Dann bräuchte ich wohl einen aus der 9300er Reihe.Solch einen haben wir ja bei einem anderen Aufwickler in Betrieb.
Er bekommt nur die Rückführung und einen Ultraschallsensor.Unsere Mitarbeiter sind sehr zufrieden damit.

Deswegen würde ich meine Wickler auch mit diesem System aufbauen.
Da ich selber ja ingesamt drei Wickler aufbauen sollte, hab ich jetzt natürlich die Möglichkeit verschiedene Steuerungsvarianten zu testen und die beste danach auszuwählen.

Edit:

Das hab ich grad noch gefunden: (8400 Highline)


Servoregelung (SC)
Die feldorientierte Servoregelung (SC) für Asynchronmotoren basiert auf einer entkoppelten,
getrennten Regelung des drehmomentbildenden und des feldbildenden Stromanteils.
Die Motorregelung basiert auf einer rückgeführten, feldorientierten und kaskadierten Reglerstruktur
und ermöglicht einen dynamischen und stabilen Betrieb in allen vier Quadranten.
Die Servoregelung weist prinzipiell dieselben Vorteile wie die sensorlose Vectorregelung
(SLVC) auf.

So funktioniert doch unser Wickler, den wir programmiert bekommen haben.
Hier kann der Regler zwischen drehmomentbildenden und feldbildenden direkt unterscheiden, da er ja eine Rückführung hat.


----------



## Per (6 April 2011)

*Lenze TopLine oder HighLine oder Lenze 9300 ?*

Genau richtig Xplosion ,
mit der Servoregelung (SC) ist dieses möglich, aber nur wenn der Geber auch direkt am Motor angebaut ist.Um noch eine bessere Dynamik zu bekommen sollte vielleicht ein Synchronmotore
(PSM) in Betracht gezogen werden. Mit einen 8400 TopLine in Servoregelung.
Also: 8400TopLine mit Synchronmotore (PSM) Lenze-Motore mit Absolutwertgeber oder Resolver, weil die Pollage bereits korrekt eingestellt ist im Umrichter und alle Motordaten vorhanden sind.
Warum nicht den 8400HighLine ? Da dieser nur mit inkrementellen Gebern arbeiten kann und man   nach jedem Netzschalten eine Pollageidentifikation starten muss.
Oder die Konfiguration mit dem 9300 ? oder ein 9400 ?
Für den 9300 und den 9400 gibst von Lenze fertige Applikationen für Wickler wo z.b. die mechanischen Verluste bei der Drehmomentenregelung kompensiertwerden 

Es gibt sehr viele Möglichkeiten, meisten ist es aber eine Geld frage was wirklich eingesetzt wird.  
und noch w as: schau dir bitte genau die Unterschiede vom High und TopLine an. 

Gruß Per


----------



## Xplosion (6 April 2011)

Ich hab nochmal den gut funktionierenden Wickler angeschaut.

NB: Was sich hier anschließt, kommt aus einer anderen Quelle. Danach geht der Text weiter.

Lemma integral_indicD_cst (mu : probability Z R) (A B : set Z) (e : R) :
  measurable A -> measurable B -> (0 <= e)%R ->
  \int[mu]_z ((\1_A z)%:E + (\1_B z)%:E + e%:E) = mu A + mu B + e%:E.
Proof.
move=> mA mB e_ge0.
have m_indic (U : set Z) : measurable U -> measurable_fun setT (fun z => (\1_U z : R)%:E).
  by move=> mU; apply/measurable_EFinP; exact: measurable_indic.
have indic_ge0 (U : set Z) z : 0 <= (\1_U z : R)%:E by rewrite lee_fin.
rewrite ge0_integralD //; last 2 first.
- by move=> z _; exact: adde_ge0.
- by apply: emeasurable_funD; exact: m_indic.
rewrite ge0_integralD //; [|exact: m_indic|exact: m_indic].
rewrite !integral_indic // !setIT integral_cst //.
by rewrite [X in _ * X]probability_setT mule1.
Qed.

End integrals.

Lemma product_measure_snd (R : realType) (dS dT : measure_display)
    (S : measurableType dS) (T : measurableType dT)
    (Q : probability S R) (P : probability T R) (B : set T) :
  measurable B -> (Q \x P)%E (snd @^-1` B) = P B.
Proof.
move=> mB; have -> : snd @^-1` B = setT `*` B :> set (S * T).
  by apply/seteqP; split => z /=; [move=> Bz; split|case].
by rewrite product_measure1E // [X in (X * _)%E]probability_setT mul1e.
Qed.

Lemma nonincreasing_bigcap0_small (R : realType) d (T : measurableType d)
    (P : probability T R) (F : (set T)^nat) :
  (forall m, measurable (F m)) -> nonincreasing_seq F -> \bigcap_m F m = set0 ->
  forall e : R, 0 < e -> exists m, (P (F m) <= e%:E)%E.
Proof.
move=> mF F_decr F_cap e e_gt0.
have F0_fin : (P (F 0%N) < +oo)%E := le_lt_trans (probability_le1 P (mF 0%N)) (ltey _).
have := nonincreasing_cvg_mu F0_fin mF _ F_decr; rewrite F_cap measure0.
move=> /(_ measurable0 [set y | (y < e%:E)%E]) [|m _ Fm]; first exact/nbhs_EFin/lt_nbhsl.
by exists m; apply/ltW/Fm => /=.
Qed.

Lemma expR_Ninv_le (R : realType) (e : R) : 0 < e -> expR (- e^-1) <= e.
Proof.
move=> e_gt0; rewrite expRN -[leRHS]invrK lef_pV2 ?posrE ?expR_gt0 ?invr_gt0 //.
by apply: le_trans (expR_ge1Dx _); rewrite lerDr.
Qed.

Section exponential_reweighting.
Variables (R : realType) (n : nat) (d : measure_display) (T : measurableType d).
Variables (P : probability T R) (w : 'I_n -> T -> R).
Hypothesis w_prod : product_weights P w.

Lemma product_weights_comp (φ : R -> R) :
  measurable_fun setT φ -> (forall r, 0 <= φ r) ->
  product_weights P (fun e t => φ (w e t)).
Proof.
case: w_prod => w_meas [_ w_indep] φ_meas φ_ge0; split; [|split] => //.
- by move=> e; exact: measurableT_comp.
- move=> B B_meas; apply: (w_indep (fun e => φ @^-1` B e)) => e.
  by rewrite -[X in measurable X]setTI; exact: φ_meas.
Qed.

Lemma admissible_alg_comp (φ : R -> R) dS (S : measurableType dS)
    (dec : 'I_n -> S -> ('I_n -> R) -> bool) :
  admissible_alg (fun e t => φ (w e t)) dec ->
  admissible_alg w (fun i s x => dec i s (fun j => φ (x j))).
Proof.
case=> dec_online dec_meas; split => // i s x y xy.
by apply: dec_online => j ji; rewrite xy.
Qed.

Lemma measurable_near_tie δ : measurable [set t | near_tie (fun j => w j t) δ].
Proof.
case: w_prod => w_meas _.
have -> : [set t | near_tie (fun j => w j t) δ] =
    \bigcup_(a in setT) \bigcup_(b in setT) ((fun t => w b t - w a t) @^-1` `]0, δ[).
  apply/seteqP; split => t /=.
  - by case=> a [b gap]; exists a => //; exists b => //=; rewrite in_itv.
  - by case=> a _ [b _] /=; rewrite in_itv /= => gap; exists a, b.
apply: fin_bigcup_measurable; first exact: finite_finset.
move=> a _; apply: fin_bigcup_measurable; first exact: finite_finset.
by move=> b _; rewrite -[X in measurable X]setTI; exact: measurable_funB.
Qed.

Lemma near_tie_small e : 0 < e ->
  exists2 δ, 0 < δ & (P [set t | near_tie (fun j => w j t) δ] <= e%:E)%E.
Proof.
move=> e_gt0; pose F m := [set t | near_tie (fun j => w j t) m.+1%:R^-1].
have F_decr : nonincreasing_seq F.
  move=> m k mk; apply/subsetPset => t; apply: near_tie_le.
  by rewrite lef_pV2 ?posrE // ler_nat.
have F_cap : \bigcap_m F m = set0.
  apply/seteqP; split => // t Ft.
  by have [m not_tie] := not_near_tie_inv (fun j => w j t); exact: not_tie (Ft m I).
have F_meas m : measurable (F m) := measurable_near_tie _.
have [m Fm] := nonincreasing_bigcap0_small P F_meas F_decr F_cap e_gt0.
by exists m.+1%:R^-1; rewrite ?invr_gt0.
Qed.

Lemma PbM_D_le_EoR_D : (PbM_D P w <= EoR_D P w)%E.
Proof.
case: w_prod => w_meas [w_ge0 _].
apply: ge_ereal_sup => _ [d' [S [Q [dec [dec_adm ->]]]]].
apply: ereal_sup_ge; eexists; first by exists d', S, Q, dec.
rewrite -[X in (_ X <= _)%E]setIT -integral_indic //.
  2: exact: measurable_success w_meas dec_adm.2.
apply: ge0_le_integralT => z; first by rewrite lee_fin.
rewrite lee_fin indicE; have [|_] := boolP (z \in _).
- by rewrite inE /= => ->; rewrite ratio_fmax.
- by apply/ratio_ge0/alg_value_ge0 => j; exact: w_ge0.
Qed.

Lemma EoR_D_expR_le c δ : 0 <= c ->
  (EoR_D P (fun e t => expR (c * w e t)) <=
   PbM_D P w + P [set t | near_tie (fun j => w j t) δ] + (expR (- (c * δ)))%:E)%E.
Proof.
case: w_prod => w_meas [w_ge0 _] c_ge0.
apply: ge_ereal_sup => _ [d' [S [Q [dec [dec_adm ->]]]]].
have sim_adm := admissible_alg_comp (φ := fun r => expR (c * r)) dec_adm.
set sim := fun i s x => dec i s (fun j => expR (c * x j)) in sim_adm.
set Succ := [set z : S * T |
  alg_value sim z.1 (fun j => w j z.2) = fmax (fun j => w j z.2)].
have Succ_meas : measurable Succ := measurable_success w_meas sim_adm.2.
have Succ_le : ((Q \x P) Succ <= PbM_D P w)%E.
  by apply: ereal_sup_ubound; exists d', S, Q, sim.
set Tie := [set t | near_tie (fun j => w j t) δ].
have Tie_meas : measurable (snd @^-1` Tie : set (S * T)).
  rewrite -[X in measurable X]setTI.
  by apply: measurable_snd => //; exact: measurable_near_tie.
apply: (@le_trans _ _ (\int[Q \x P]_z
    ((\1_Succ z)%:E + (\1_(snd @^-1` Tie) z)%:E + (expR (- (c * δ)))%:E))%E).
  apply: ge0_le_integralT => z.
    by rewrite lee_fin ratio_ge0 // alg_value_ge0 // => j; exact: expR_ge0.
  rewrite -!EFinD lee_fin !indicE.
  exact: (ratio_expR_le δ (chosen dec z.1 (fun j => expR (c * w j z.2))) c_ge0).
rewrite integral_indicD_cst ?expR_ge0 //; apply: leeD => //; apply: leeD => //.
rewrite le_eqVlt; apply/orP; left; apply/eqP.
exact: product_measure_snd (measurable_near_tie δ).
Qed.

End exponential_reweighting.

Lemma EoR_single_le_PbM_D (R : realType) (n : nat) d (T : measurableType d)
    (P : probability T R) (w : 'I_n -> T -> R) (e : R) :
  product_weights P w -> 0 < e -> (EoR_single R n <= PbM_D P w + e%:E)%E.
Proof.
move=> w_prod e_gt0; have e2_gt0 : 0 < e / 2 by rewrite divr_gt0.
have [δ δ_gt0 tie_small] := near_tie_small w_prod e2_gt0.
pose c := (e / 2 * δ)^-1.
have c_ge0 : 0 <= c by rewrite invr_ge0 mulr_ge0 ?ltW.
have cδ : c * δ = (e / 2)^-1 by rewrite /c invfM -mulrA mulVf ?mulr1 ?gt_eqF.
apply: (@le_trans _ _ (EoR_D P (fun k t => expR (c * w k t)))).
  apply: ereal_inf_lbound; exists d, T, P, (fun k t => expR (c * w k t)); split => //.
  apply: (product_weights_comp w_prod (φ := fun r => expR (c * r))) => [|r].
    by apply: measurableT_comp => //; exact: measurable_funM.
  exact: expR_ge0.
apply: le_trans (EoR_D_expR_le w_prod δ c_ge0) _.
rewrite -addeA leeD // (splitr e) EFinD leeD // lee_fin cδ.
exact: expR_Ninv_le.
Qed.
Lemma esum_weight_finite :
  exists S : R, (\esum_(i in window_index) (weight i.1 i.2.1 i.2.2)%:E <= S%:E)%E.
Proof.
pose A := \esum_(x in NQ) (x `^ (- tau C'))%:E.
have A_ge0 : (0 <= A)%E by apply: esum_ge0 => x _; rewrite lee_fin powR_ge0.
have A_fin : A = (fine A)%:E by rewrite fineK// ge0_fin_numE.
set t := tau C'; set K := window_const a C'; set rho := window_ratio a C'.
have K_ge0 : 0 <= K by rewrite ltW ?expR_gt0.
have rho_ge0 : 0 <= rho by rewrite ltW ?window_ratio_gt0.
have inv_1_sub_rho_ge0 : 0 <= (1 - rho)^-1 by rewrite invr_ge0 subr_ge0 ltW ?window_ratio_lt1.
have esum_NQ c : 0 <= c -> (\esum_(x in NQ) (c * x `^ (- t))%:E <= (c * fine A)%:E)%E.
  move=> c0; under eq_esum do rewrite EFinM.
  apply: le_trans (esumZl_le c0 _) _; first by move=> x _; rewrite lee_fin powR_ge0.
  by rewrite EFinM -A_fin.
exists (K * fine A / (1 - rho) * fine A).
have weight_ge0E nu mu0 m : (0 <= (weight nu mu0 m)%:E)%E by rewrite lee_fin weight_ge0.
have -> : \esum_(i in window_index) (weight i.1 i.2.1 i.2.2)%:E =
    \esum_(nu in NQ) \esum_(j in NQ `*` [set: nat]) (weight nu j.1 j.2)%:E.
  by rewrite esum_esum.
apply: le_trans (esum_NQ _ _); last by rewrite !mulr_ge0 ?fine_ge0.
apply: le_esum => nu NQnu.
have -> : \esum_(j in NQ `*` [set: nat]) (weight nu j.1 j.2)%:E =
    \esum_(mu0 in NQ) \esum_(m in [set: nat]) (weight nu mu0 m)%:E.
  by rewrite esum_esum.
have -> : K * fine A / (1 - rho) * nu `^ (- t) = fine A * (K * nu `^ (- t) / (1 - rho)).
  by rewrite mulrC; ring.
rewrite mulrC; apply: le_trans (esum_NQ _ _); last by rewrite !mulr_ge0 ?powR_ge0.
apply: le_esum => mu0 NQmu0; rewrite /weight -/t -/K -/rho.
have c_ge0 : 0 <= K * (mu0 `^ (- t) * nu `^ (- t)) by rewrite !mulr_ge0 ?powR_ge0.
under eq_esum do rewrite EFinM.
apply: le_trans (esumZl_le c_ge0 _) _; first by move=> m _; rewrite lee_fin exprn_ge0.
apply: le_trans (lee_wpmul2l _ (esum_geometric_le _)) _.
- by rewrite lee_fin.
- by rewrite window_ratio_gt0 window_ratio_lt1.
- by rewrite -EFinM lee_fin le_eqVlt -/t; apply/orP; left; apply/eqP; ring.
Qed.

Lemma window_not_badly_approximable_negligible :
  mu.-negligible [set q | a <= q /\ q <= a ^+ 2 /\ ~ badly_approximable Q C' q].
Proof.
have [S le_S] := esum_weight_finite.
have [Q_gt1 _ _] := bQ.
pose B N := \bigcup_(i in window_index) cover_ball i.1 i.2.1 i.2.2 N.
have cover_B N : measurable (B N) /\ (mu (B N) <= ((N.+1%:R)^-1 * S)%:E)%E.
  have index_countable : countable window_index.
    by apply: countableX (beurling_integers_countable bQ) _;
      apply: countableX (beurling_integers_countable bQ) (countableP _).
  have [mB le_muB] := measure_countable_bigcup mu index_countable
    (fun i _ => cover_ball_measurable i.1 i.2.1 i.2.2 N).
  split => //; apply: le_trans le_muB _.
  have N_ge0 : 0 <= (N.+1%:R)^-1 :> R by rewrite invr_ge0.
  apply: le_trans (_ : \esum_(i in window_index)
      ((N.+1%:R)^-1%:E * (weight i.1 i.2.1 i.2.2)%:E) <= _)%E.
    apply: le_esum => -[nu [mu0 m]] [/= NQnu [NQmu0 _]]; rewrite -EFinM.
    exact: cover_ball_measure (beurling_integers_ge1 Q_gt1 NQnu)
      (beurling_integers_ge1 Q_gt1 NQmu0).
  apply: le_trans (esumZl_le N_ge0 _) _; first by move=> i _; rewrite lee_fin weight_ge0.
  by rewrite EFinM lee_wpmul2l// lee_fin.
have := negligible_small_covers (mu := mu) (fun N => (cover_B N).1) (fun N => (cover_B N).2).
apply=> N q [aq [qa not_approx]]; apply: contrapT => not_Bq; apply: not_approx.
exists (N.+1%:R)^-1; first by rewrite invr_gt0.
move=> nu mu0 m NQnu NQmu0; rewrite leNgt; apply/negP => close; apply: not_Bq.
exists (nu, (mu0, m)) => //.
exact: near_set_sub_cover_ball (beurling_integers_ge1 Q_gt1 NQnu) _ (conj aq (conj qa close)).
Qed.

End window_negligible.

Lemma window_cover (R : realType) (q : R) : 1 < q ->
  (exists n : nat, 1 + (n.+1%:R)^-1 <= q /\ q <= (1 + (n.+1%:R)^-1) ^+ 2) \/
  (exists n : nat, n.+2%:R <= q /\ q <= n.+2%:R ^+ 2).
Proof.
move=> q1; have [q2|q2] := leP q 2.
  left; set y := (q - 1)^-1.
  have y0 : 0 <= y by rewrite invr_ge0 subr_ge0 ltW.
  have /andP[n_le n_gt] := truncn_itv y0.
  set n := Num.Def.truncn y in n_le n_gt.
  exists n; set u := n.+1%:R : R.
  have u0 : 0 < u by rewrite ltr0n.
  have q10 : 0 < q - 1 by rewrite subr_gt0.
  have u_gt : 1 < u * (q - 1) by rewrite -ltr_pdivrMr// div1r.
  have u_le : u * (q - 1) <= 2.
    have : n%:R * (q - 1) <= 1 by rewrite -ler_pdivlMr// div1r.
    by rewrite /u -natr1 mulrDl mul1r; lra.
  set t := u^-1.
  have tu : t * u = 1 by rewrite mulVf// gt_eqF.
  have t0 : 0 < t by rewrite invr_gt0.
  by split; nra.
right; have q0 : 0 <= q by rewrite (le_trans _ (ltW q2)).
have T2 : (2 <= Num.Def.truncn q)%N by rewrite truncn_ge_nat// ltW.
have /andP[T_le T_gt] := truncn_itv q0.
exists (Num.Def.truncn q - 2)%N; rewrite -addn2 subnK//; split => //.
apply: le_trans (ltW T_gt) _; have : (2 : R) <= (Num.Def.truncn q)%:R by rewrite ler_nat.
by rewrite -natr1; nra.
Qed.
(* Let $k\ge 4$ be an integer, let $t$ be a positive integer divisible by $\operatorname{lcm}(2,3,\ldots,2k-1)$, and let $n$ be an integer with $k^2-k \le n \le 4k^2-10k+5$. Suppose $S$ is a $k$-bounded zero-sum sequence of length $|S|=t+n$ that is $t$-avoiding, and let $\alpha>0$, $\beta>0$ be integers with $v_\alpha(S)\ge \frac{k}{k+1}n$ and $v_{-\beta}(S)\ge\frac{k}{k+1}n$. Let $g=\gcd(\alpha,\beta)$ and let $X$ be the sequence consisting of $\beta/g$ copies of $\alpha$ and $\alpha/g$ copies of $-\beta$. Then for every $N\in\mathbb N$, the sequence $S'$ obtained by adjoining $N$ copies of $X$ to $S$ (i.e. $S\cdot X^{[N]}$) has no zero-sum subsequence of length exactly $n$.
   Context: A sequence is a finite multiset of integers; $|S|$ is its length counted with multiplicity, $v_a(S)$ is the multiplicity of $a$ in $S$, and a subsequence is a sub-multiset. $S$ is zero-sum if the sum of its terms is $0$, and $k$-bounded if all terms lie in $[-k,k]$. A zero-sum sequence is $t$-avoiding if it has no zero-sum subsequence of length exactly $t$. $S\cdot X^{[N]}$ denotes the concatenation (multiset union) of $S$ with $N$ copies of $X$. *)

From mathcomp Require Import all_boot all_order all_algebra.
Set Implicit Arguments. Unset Strict Implicit. Unset Printing Implicit Defensive.
Import Order.TTheory GRing.Theory Num.Theory.
Local Open Scope ring_scope.

(* A sequence (finite multiset of integers) is represented by a list
   [S : seq int]; order is irrelevant for all notions below.
   A subsequence (sub-multiset) of S is [mask m S] for a bitmask m. *)

Definition seqsum (S : seq int) : int := \sum_(x <- S) x.

Definition zero_sum (S : seq int) : Prop := seqsum S = 0.

Definition kbounded (k : nat) (S : seq int) : Prop :=
  forall x, x \in S -> - (k%:Z) <= x <= k%:Z.

Definition has_zs_sub_len (t : nat) (S : seq int) : Prop :=
  exists m : bitseq, size (mask m S) = t /\ zero_sum (mask m S).

Definition t_avoiding (t : nat) (S : seq int) : Prop :=
  zero_sum S /\ ~ has_zs_sub_len t S.

Definition mult (a : int) (S : seq int) : nat := count_mem a S.

Definition lcm_upto (m : nat) : nat := \big[lcmn/1%N]_(2 <= i < m.+1) i.

Definition adjoin (S X : seq int) (N : nat) : seq int :=
  S ++ flatten (nseq N X).

From mathcomp Require Import all_boot all_order all_algebra.
From mathcomp Require Import zify.
Import Order.TTheory GRing.Theory Num.Theory.
Local Open Scope ring_scope.

(* A zero-sum subsequence T of length n of S.X^[N] is k-bounded, so neither
   alpha nor -beta can fill more than a k/(k+1) fraction of it; by the
   multiplicity hypotheses T is then a sub-multiset of S.  Its complement in S
   is a zero-sum subsequence of length t, contradicting t-avoidance. *)

Lemma perm_cat_mask_compl (T : eqType) (s1 s2 : seq T) :
  (forall x, (count_mem x s1 <= count_mem x s2)%N) ->
  exists m : bitseq, perm_eq s2 (s1 ++ mask m s2).
Proof.
move=> /count_subseqP[s sub_s_s2 perm_s1_s].
have [s3 perm_s2] := perm_to_subseq sub_s_s2.
have /count_maskP[m _ perm_s3] : forall x, (count_mem x s3 <= count_mem x s2)%N.
  by move=> x; rewrite (permP perm_s2) count_cat leq_addl.
exists m; apply: perm_trans perm_s2 _.
by rewrite perm_cat // perm_sym.
Qed.

Lemma has_zs_sub_len_compl (t : nat) (S T : seq int) :
  (forall x, (count_mem x T <= count_mem x S)%N) ->
  zero_sum S -> zero_sum T -> size S = (t + size T)%N ->
  has_zs_sub_len t S.
Proof.
move=> /perm_cat_mask_compl[m perm_S] zsS zsT sizeS; exists m; split.
  by apply/eqP; rewrite -(eqn_add2r (size T)) addnC -size_cat -(perm_size perm_S) sizeS.
move: zsS; rewrite /zero_sum /seqsum (perm_big _ perm_S) big_cat /=.
by rewrite -/(seqsum T) zsT add0r.
Qed.

Lemma count_mem_mulD_le (k a : int) (T : seq int) :
  {in T, forall x, - k <= x} -> - k <= a ->
  (count_mem a T)%:Z * (a + k) <= seqsum T + k * (size T)%:Z.
Proof.
move=> lbT lba; elim: T lbT => [|y T IH] lbT.
  by rewrite /seqsum big_nil /= !mul0r mulr0 addr0.
rewrite /seqsum big_cons -/(seqsum T) /=.
have lby : - k <= y by apply: lbT; rewrite inE eqxx.
have := IH (fun x xT => lbT x (mem_behead (s := y :: T) xT)).
by case: eqP => [->|_] /=; lia.
Qed.

Lemma zero_sum_count_mem_le (k : nat) (a : int) (T : seq int) :
  kbounded k T -> zero_sum T ->
  (count_mem a T)%:Z * (`|a| + k%:Z) <= k%:Z * (size T)%:Z.
Proof.
have nonneg_case b U : kbounded k U -> zero_sum U -> 0 <= b ->
    (count_mem b U)%:Z * (`|b| + k%:Z) <= k%:Z * (size U)%:Z.
  move=> bU zsU b_ge0; rewrite ger0_norm //.
  have := @count_mem_mulD_le k b U; rewrite zsU add0r; apply; last by lia.
  by move=> x /bU /andP[].
move=> bT zsT; have [a_ge0|a_lt0] := lerP 0 a; first exact: nonneg_case.
have := nonneg_case (- a) (map -%R T).
rewrite normrN size_map count_map.
rewrite (@eq_count _ _ (pred1 a)) => [|x]; last by rewrite /= eqr_opp.
apply; last by lia.
- by move=> _ /mapP[x /bT /andP[lbx ubx] ->]; apply/andP; split; lia.
- by rewrite /zero_sum /seqsum big_map sumrN -/(seqsum T) zsT oppr0.
Qed.

Lemma zero_sum_count_mem_leq (k : nat) (a : int) (T : seq int) :
  a != 0 -> kbounded k T -> zero_sum T ->
  ((k + 1) * count_mem a T <= k * size T)%N.
Proof.
move=> a_neq0 bT zsT; have := @zero_sum_count_mem_le k a T bT zsT.
have : 0 < `|a| by rewrite normr_gt0.
nia.
Qed.

Lemma count_adjoin (P : pred int) (S X : seq int) (N : nat) :
  count P (adjoin S X N) = (count P S + N * count P X)%N.
Proof. by rewrite /adjoin count_cat count_flatten map_nseq sumn_nseq mulnC. Qed.

Lemma kbounded_adjoin (k : nat) (S X : seq int) (N : nat) :
  kbounded k S -> kbounded k X -> kbounded k (adjoin S X N).
Proof.
move=> bS bX x; rewrite mem_cat => /orP[/bS //|/flattenP[s]].
by rewrite mem_nseq => /andP[_ /eqP ->] /bX.
Qed.

Theorem lemma2p3 (k t n : nat) (S : seq int) (alpha beta : nat) :
  (4 <= k)%N ->
  (0 < t)%N ->
  (lcm_upto (2 * k - 1) %| t)%N ->
  (k * k - k <= n)%N ->
  (n + 10 * k <= 4 * k * k + 5)%N ->
  kbounded k S ->
  size S = (t + n)%N ->
  t_avoiding t S ->
  (0 < alpha)%N -> (0 < beta)%N ->
  (k * n <= (k + 1) * mult (alpha%:Z) S)%N ->
  (k * n <= (k + 1) * mult (- (beta%:Z)) S)%N ->
  forall N : nat,
    let g := gcdn alpha beta in
    let X := nseq (beta %/ g) (alpha%:Z) ++ nseq (alpha %/ g) (- (beta%:Z)) in
    ~ has_zs_sub_len n (adjoin S X N).
Proof.
move=> k_ge4 _ _ n_ge _ bS sizeS [zsS noT] alpha_gt0 beta_gt0 mult_alpha mult_beta
  N g X [m [sizeT zsT]].
set T := mask m (adjoin S X N) in sizeT zsT.
have in_S a : (k * n <= (k + 1) * mult a S)%N -> a \in S.
  by rewrite -has_pred1 has_count /mult; nia.
have bX : kbounded k X.
  by move=> x; rewrite mem_cat !mem_nseq => /orP[]/andP[_ /eqP ->]; apply/bS/in_S.
have bT : kbounded k T by move=> x /mem_mask /(kbounded_adjoin _ _ _ N bS bX).
have heavy a : a != 0 -> (k * n <= (k + 1) * mult a S)%N ->
    (count_mem a T <= count_mem a S)%N.
  move=> a_neq0 mult_a; rewrite -(@leq_pmul2l (k + 1)); last by rewrite addn1.
  by apply: leq_trans mult_a; rewrite -sizeT zero_sum_count_mem_leq.
have T_sub_S x : (count_mem x T <= count_mem x S)%N.
  have [->|x_neq_alpha] := eqVneq x alpha%:Z; first by apply: heavy mult_alpha; lia.
  have [->|x_neq_beta] := eqVneq x (- beta%:Z); first by apply: heavy mult_beta; lia.
  have x_notin_X : x \notin X.
    by rewrite mem_cat !mem_nseq (negbTE x_neq_alpha) (negbTE x_neq_beta) !andbF.
  apply: leq_trans (leq_count_mask _ _ _) _.
  by rewrite count_adjoin (count_memPn x_notin_X) muln0 addn0.
by apply: noT; apply: has_zs_sub_len_compl T_sub_S zsS zsT _; rewrite sizeS sizeT.
Qed.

Der Motor ist ein Getriebemotor mit Resolver, aber kein Synchronmotor glaube ich.Woran kann ich so einen erkennen? Was steht dann auf dem Typenschild?
Der Umrichter ist ein 9323er, dort ist an X7 der Resolver angeschlossen.

Jetzt hab ich im Lager mal nachgeschaut.Wir hätten noch 3 Stück 9300er Umrichter da.Zwei mit 1kW (9322) und einen größeren.Leider haben die an X7 eine schwarze Abdeckung.
Dachte vielleicht, diese Umrichter könnte ich verwenden, aber wenn bei X7 nichts da ist, kann ich nichts machen oder?


Ich würde auf jeden Fall die Variante Resolver und min. Asynchron-Servomotor oder evtl. Synchronservomotor vorziehen.

Weißt du was ein 8400 Topline ca. kostet in der Leistungsklasse unter 1kw? Nur ganz ungefähr.Mich würde der Vergleich zur 9300er-Reihe interessieren.

Bei der 8400er Reihe brauche ich aber dann auch noch Verbindungskabel + Software oder?


----------



## Per (7 April 2011)

*EVF oder EVS*

Hallo Xplosiv,
wenn da wirklich kein Anschluß ist handelt es sich um einen 9300 Vector Umrichter  
bitte mal auf Typenschild nachsehen ob es ein EVF93XX Vector Umrichter oder ein EVS93xx Servo-Umrichter.
Wenn die Software und der Adapter noch nicht vorhanden ist und Du ja eine funktionierende 9300 Applikation hast besorg dir ein EVS9300 mit ASM und Resolver.  
Gruß Per


----------